Next, we tested the robustness of the tag by applying it to diverse cellular organelles. For that, we used Lamp1 as a lysosomal marker, CD63 as a marker of multivesicular bodies (MVBs), ERcb5TM as an endoplasmic reticulum (ER) marker, Exo70 as an exosomal marker, and Mitocb5TM(mito) or mito-DsRed as mitochondrial markers (for sequences see Additional file 1: Table S1). Nuclear labeling was avoided due to the known non-specific labeling of the nucleus observed with GCE-based labeling (Figs. 2c; 3b, c; and 4c, d) [4, 6, 16]. Effective lysosome labeling was obtained using GCE-tagged Lamp1 in the presence of SiR-Tet (Fig. 5a, b). Overall, labeling was comparable to that obtained with Lamp1-mVenus. Lysosomes labeled via either of the tags (i.e., GCE-tag or mVenus) exhibited a similar response to chloroquine treatment and had similar SNR levels (Fig. 5a–c) . We noticed that while lysosome labeling using Lamp1-mVenus highlighted both filled and hollow structures, only filled structures were observed in cells labeled with GCE-tag-SiR-Lamp1. This difference may result from the position of the tag; the mVenus tag faces the cytosol, while the GCE-tag faces the lysosomal lumen.

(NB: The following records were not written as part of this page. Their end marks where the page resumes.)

(* Let $\tau>0$, $\zeta\in\mathbb{C}$, $\sigma\in\{1,-1\}$, $q\in\mathbb{C}$, and set $$A=\begin{pmatrix}-i\zeta&0\\0&i\zeta\end{pmatrix},\qquad B=\begin{pmatrix}0&q\\-\sigma\overline{q}&0\end{pmatrix}.$$ Consider the 11-factor product $$P=e^{\frac{7}{48}\tau B}e^{\frac{1}{3}\tau A}e^{\frac{3}{8}\tau B}e^{-\frac{1}{3}\tau A}e^{-\frac{1}{48}\tau B}e^{\tau A}e^{-\frac{1}{48}\tau B}e^{-\frac{1}{3}\tau A}e^{\frac{3}{8}\tau B}e^{\frac{1}{3}\tau A}e^{\frac{7}{48}\tau B}.$$ Let $Z=e^{-i\tau\zeta/3}$ and $W=Z^2$. Then $P=Z^{-7}\,\hat S(W)$, where $\hat S(W)$ is a $2\times 2$ matrix whose entries are polynomials in $W$ of degree at most $7$ with coefficients independent of $\zeta$ (depending only on $\tau,q,\sigma$). Equivalently, $P=Z^{-7}S(Z)$ with $S$ a matrix polynomial in $Z$ of degree at most $14$ containing only even powers of $Z$.
   Context: $\overline{q}$ denotes the complex conjugate of $q$; $e^{M}$ denotes the matrix exponential. *)

From Stdlib Require Import Reals Arith Factorial ClassicalEpsilon.
Open Scope R_scope.

Record Cplx := mkC { Cre : R ; Cim : R }.

Definition RtoC (r : R) : Cplx := mkC r 0.
Definition C0 : Cplx := RtoC 0.
Definition C1 : Cplx := RtoC 1.
Definition Ci : Cplx := mkC 0 1.
Definition Cadd (z w : Cplx) : Cplx := mkC (Cre z + Cre w) (Cim z + Cim w).
Definition Copp (z : Cplx) : Cplx := mkC (- Cre z) (- Cim z).
Definition Cmul (z w : Cplx) : Cplx :=
  mkC (Cre z * Cre w - Cim z * Cim w) (Cre z * Cim w + Cim z * Cre w).
Definition Cconj (z : Cplx) : Cplx := mkC (Cre z) (- Cim z).
Definition Cinv (z : Cplx) : Cplx :=
  let d := Cre z * Cre z + Cim z * Cim z in mkC (Cre z / d) (- Cim z / d).
Fixpoint Cpow (z : Cplx) (n : nat) : Cplx :=
  match n with O => C1 | S k => Cmul z (Cpow z k) end.
Definition Cexp (z : Cplx) : Cplx :=
  mkC (exp (Cre z) * cos (Cim z)) (exp (Cre z) * sin (Cim z)).

Record M2 := mkM2 { m11 : Cplx ; m12 : Cplx ; m21 : Cplx ; m22 : Cplx }.

Definition M0 : M2 := mkM2 C0 C0 C0 C0.
Definition M1 : M2 := mkM2 C1 C0 C0 C1.
Definition Madd (A B : M2) : M2 :=
  mkM2 (Cadd (m11 A) (m11 B)) (Cadd (m12 A) (m12 B))
       (Cadd (m21 A) (m21 B)) (Cadd (m22 A) (m22 B)).
Definition Mmul (A B : M2) : M2 :=
  mkM2 (Cadd (Cmul (m11 A) (m11 B)) (Cmul (m12 A) (m21 B)))
       (Cadd (Cmul (m11 A) (m12 B)) (Cmul (m12 A) (m22 B)))
       (Cadd (Cmul (m21 A) (m11 B)) (Cmul (m22 A) (m21 B)))
       (Cadd (Cmul (m21 A) (m12 B)) (Cmul (m22 A) (m22 B))).
Definition Mscale (c : Cplx) (A : M2) : M2 :=
  mkM2 (Cmul c (m11 A)) (Cmul c (m12 A)) (Cmul c (m21 A)) (Cmul c (m22 A)).
Fixpoint Mpow (A : M2) (n : nat) : M2 :=
  match n with O => M1 | S k => Mmul A (Mpow A k) end.

Fixpoint expsum (A : M2) (N : nat) : M2 :=
  match N with
  | O => M1
  | S n => Madd (expsum A n) (Mscale (RtoC (/ INR (fact (S n)))) (Mpow A (S n)))
  end.

Definition Ccv (u : nat -> Cplx) (l : Cplx) : Prop :=
  Un_cv (fun n => Cre (u n)) (Cre l) /\ Un_cv (fun n => Cim (u n)) (Cim l).

Definition Mcv (u : nat -> M2) (L : M2) : Prop :=
  Ccv (fun n => m11 (u n)) (m11 L) /\ Ccv (fun n => m12 (u n)) (m12 L) /\
  Ccv (fun n => m21 (u n)) (m21 L) /\ Ccv (fun n => m22 (u n)) (m22 L).

(* matrix exponential e^A := lim_N sum_{k=0}^N A^k/k! (the series always
   converges; epsilon picks its (unique) limit) *)
Definition mexp (A : M2) : M2 :=
  epsilon (inhabits M0) (fun E => Mcv (fun N => expsum A N) E).

Fixpoint Mpoly (s : nat -> M2) (n : nat) (w : Cplx) : M2 :=
  match n with
  | O => Mscale (Cpow w 0) (s 0%nat)
  | S k => Madd (Mpoly s k w) (Mscale (Cpow w (S k)) (s (S k)))
  end.

Definition matA (zeta : Cplx) : M2 :=
  mkM2 (Copp (Cmul Ci zeta)) C0 C0 (Cmul Ci zeta).
Definition matB (sigma : R) (q : Cplx) : M2 :=
  mkM2 C0 q (Cmul (RtoC (- sigma)) (Cconj q)) C0.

Labeling lysosomal lumen proteins using conventional fluorescent proteins is challenging due to the pH sensitivity of the latter . Our data suggest that GCE-tag-based labeling is compatible with labeling acidic cellular structures.
Initial attempts at labeling MVBs, ER, mitochondria, and exosomes using the GCE-tag and SiR-Tet resulted in no specific staining (Additional file 1: Figure S3). Yet, in immunostaining experiments using anti-CD63 antibodies, GCE-tagged CD63 co-localized with endogenous CD63 (Fig. 5d). We thus reasoned that GCE-tagged CD63 was properly expressed and targeted in cells, yet failed to bind the Fl-dye via the bioorthogonal reaction. Consistent with this notion, substituting TAMRA-Tet for SiR-Tet resulted in specific labeling of MVBs, ER, and exosomes using GCE-tagged CD63, ERcb5TM, and Exo70, respectively (Figs. 5e–g and 6). Mitochondrial labeling was not obtained using either SiR- or TAMRA-Tet together with the GCE-tag-Mitocb5TM or mito-DsRed probes (Additional file 1: Figure S4). Based on immunofluorescence experiments, it appears that while Mitocb5TM failed to localize to mitochondria, GCE-tagged mito-DsRed localized properly but failed to bind the tetrazine-conjugated dye (Additional file 1: Figure S4). Expression patterns and SNR values obtained with the GCE-tagged organelle markers that were successfully labeled (i.e., for MVBs, ER, and exosomes) were overall comparable to those obtained using conventional Fl-protein markers with better SNRs obtained for GCE-tagged MVBs and lower SNRs obtained for GCE-tagged ER (Figs. 5e–g and 6). In all cases (SiR- or TAMRA-labeled GCE-tagged cellular structures), signal intensity levels were considerably higher than background levels measured in cells expressing a plasmid encoding only the orthogonal tRNA/tRNA-synthetase pair and labeled with the corresponding Tet-conjugated Fl-dyes (Fig. 6g). Together, these results validate labeling specificity and compatibility of the GCE-tag for organelle labeling.
Successful and specific labeling was also obtained for GCE-tagged extracellular protein EGFR and intracellular ESCRT-III protein CHMP4B as indicated by in-gel fluorescence and live-cell imaging (Additional file 1: Figure S5). For EGFR labeling, the GCE-tag was inserted between the signal peptide and the protein coding sequence (Additional file 1: Figure S5c, d), indicating that the GCE-tag is not exclusive for the N-terminal. Thus, besides its use in organelle labeling, the GCE-tag can be used for labeling intra- and extracellular proteins in live cells.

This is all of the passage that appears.